BusinessWeek has yet another article on the relative costs of Macs vs. PCs, and author Arik Hesseldahl comes down on the Mac side:PC makers in the Windows camp have done everything possible to make their products progressively worse by cutting corners to save pennies per unit and boost sales volume.
Written by Joe Brockmeier, Contributor

BusinessWeek has yet another article on the relative costs of Macs vs. PCs, and author Arik Hesseldahl comes down on the Mac side:

PC makers in the Windows camp have done everything possible to make their products progressively worse by cutting corners to save pennies per unit and boost sales volume. There's good reason Apple is seeing healthy profits while grabbing market share. It refuses to budge on quality and so charges a higher price.

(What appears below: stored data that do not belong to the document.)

Lemma functional_le_of_euler_lagrange a b c alpha beta L (p g u v : R -> R) :
  a < b -> qw_set q w c a -> qw_set q w c b ->
  admissible q w a b alpha beta u -> admissible q w a b alpha beta v ->
  continuous (lag_comp q w L u) ω₀ -> continuous (lag_comp q w L v) ω₀ -> continuous g ω₀ ->
  (forall t, qw_set2 q w a b t -> t <> ω₀ -> p t = hahn_D q w (fun s => g (σ s)) t) ->
  (forall t, qw_set2 q w a b t -> t <> ω₀ ->
     lag_comp q w L v t + p t * (u (σ t) - v (σ t)) + g t * (hahn_D q w u t - hahn_D q w v t)
       <= lag_comp q w L u t) ->
  functional q w a b L v <= functional q w a b L u.
Proof.
  intros hab hca hcb hu hv HLu HLv Hg Hp Hle.
  apply (hahn_int_le_of_hahn_D a b c _ _ (fun s => g (σ s) * (u s - v s))); try assumption.
  - apply (continuous_mult (fun s => g (σ s)) (fun s => u s - v s)).
    + apply continuous_comp_hsigma, Hg.
    + apply (continuous_minus u v); eapply Y1_continuous; [apply hu | apply hv].
  - destruct hu as (_ & -> & ->), hv as (_ & -> & ->). ring.
  - intros t Ht Hn.
    rewrite (hahn_D_mult (fun s => g (σ s)) (fun s => u s - v s)), hahn_D_minus,
      hsigma_hsigma_inv, <- Hp by assumption.
    specialize (Hle t Ht Hn). lra.
Qed.

End HahnCalculus.

Lemma jointly_convex_ge I L t u v u' v' : jointly_convex I L -> I t ->
  d2L L t u v * (u' - u) + d3L L t u v * (v' - v) <= L t u' v' - L t u v.
Proof.
  intros [_ HL] Ht. specialize (HL t u v (u' - u) (v' - v) Ht).
  replace (u + (u' - u)) with u' in HL by ring.
  replace (v + (v' - v)) with v' in HL by ring.
  lra.
Qed.

Lemma jointly_concave_le I L t u v u' v' : jointly_concave I L -> I t ->
  L t u' v' - L t u v <= d2L L t u v * (u' - u) + d3L L t u v * (v' - v).
Proof.
  intros [_ HL] Ht. specialize (HL t u v (u' - u) (v' - v) Ht).
  replace (u + (u' - u)) with u' in HL by ring.
  replace (v + (v' - v)) with v' in HL by ring.
  exact HL.
Qed.

Theorem theorem3p11
  (q w : R) (I : R -> Prop) (alpha beta a b c : R) (L : R -> R -> R -> R)
  (hq : 0 < q < 1) (hw : 0 <= w)
  (hI : is_interval I) (hI0 : I (omega0 q w))
  (ha : I a) (hb : I b) (hab : a < b) (hc : I c)
  (hac : qw_set q w c a) (hbc : qw_set q w c b)
  (H1 : forall t, I t -> C1_in_uv L t)
  (H2 : forall y, admissible q w a b alpha beta y ->
          continuous (lag_comp q w L y) (omega0 q w))
  (H3 : forall y, admissible q w a b alpha beta y ->
          Y1 q w a b (fun t => d2L L t (y (hsigma q w t)) (hahn_D q w y t)) /\
          Y1 q w a b (fun t => d3L L t (y (hsigma q w t)) (hahn_D q w y t)))
  (ystar : R -> R) (hys : admissible q w a b alpha beta ystar)
  (EL : forall t, qw_set2 q w a b t ->
          d2L L t (ystar (hsigma q w t)) (hahn_D q w ystar t) =
          hahn_D q w (fun tau => d3L L (hsigma q w tau)
                                   (ystar (hsigma q w (hsigma q w tau)))
                                   (hahn_D q w ystar (hsigma q w tau))) t) :
  (jointly_convex I L ->
     forall y, admissible q w a b alpha beta y ->
       functional q w a b L ystar <= functional q w a b L y) /\
  (jointly_concave I L ->
     forall y, admissible q w a b alpha beta y ->
       functional q w a b L ystar >= functional q w a b L y).
Proof.
  set (p := fun t => d2L L t (ystar (hsigma q w t)) (hahn_D q w ystar t)).
  set (g := fun t => d3L L t (ystar (hsigma q w t)) (hahn_D q w ystar t)).
  assert (Hg : continuous g (omega0 q w)) by exact (Y1_continuous q w _ _ _ (proj2 (H3 _ hys))).
  assert (HI : forall t, qw_set2 q w a b t -> I t)
    by (intros t; apply (qw_set2_in_interval q w hq); assumption).
  split.
  - intros Hconv y hy.
    apply (functional_le_of_euler_lagrange q w hq a b c alpha beta L p g y ystar); auto.
    { intros t Ht _. exact (EL t Ht). }
    intros t Ht _.
    pose proof (jointly_convex_ge I L t (ystar (hsigma q w t)) (hahn_D q w ystar t)
                  (y (hsigma q w t)) (hahn_D q w y t) Hconv (HI t Ht)).
    unfold lag_comp, p, g. lra.
  - intros Hconc y hy. apply Rle_ge.
    apply (functional_le_of_euler_lagrange q w hq a b c alpha beta L p g ystar y); auto.
    { intros t Ht _. exact (EL t Ht). }
    intros t Ht _.
    pose proof (jointly_concave_le I L t (ystar (hsigma q w t)) (hahn_D q w ystar t)
                  (y (hsigma q w t)) (hahn_D q w y t) Hconc (HI t Ht)).
    unfold lag_comp, p, g. lra.
Qed.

Actually, Apple is losing market share (slightly). According to Gartner, anyway, Apple had negative growth in the first quarter and dropped very slightly (0.1%) in market share.

Apple edges out a lot of users with their limited, and yes overpriced, selection. When I look at Apple's offerings, I don't see anything that fits my needs. I want a basic machine that I can stuff a lot of memory and disk in. Note that I said "that I can..." -- not an Apple reseller.

The only offering Apple gives users that really fits the bill for my use case is a Xeon-based monster that starts at $2,500. The thing is, I don't want or need a Xeon. Well, OK, I kind of want one, but I don't need one. Apps aren't bottlenecked at the CPU, in most cases. The extra CPU isn't what I want, it's RAM, and gobs of it. And disk space for VMs and such. A Core 2 Duo would do just fine.

Lucky for me, I can get what I want with generic PC hardware and Linux. With Apple, you're constrained to its 16 offerings and some overpriced customizations.

That's just one example, of course, but Apple's offerings are generally high-priced for the hardware offered and make no concessions for users who don't fit their use cases.The point that Hesseldahl and others miss is that the PC market offers way more choice than Apple, even if some of those choices are bargain basement hardware.

Lauren may be a Microsoft shill, but it doesn't mean that Macs are reasonably priced or vastly better than other systems by any stretch of the imagination.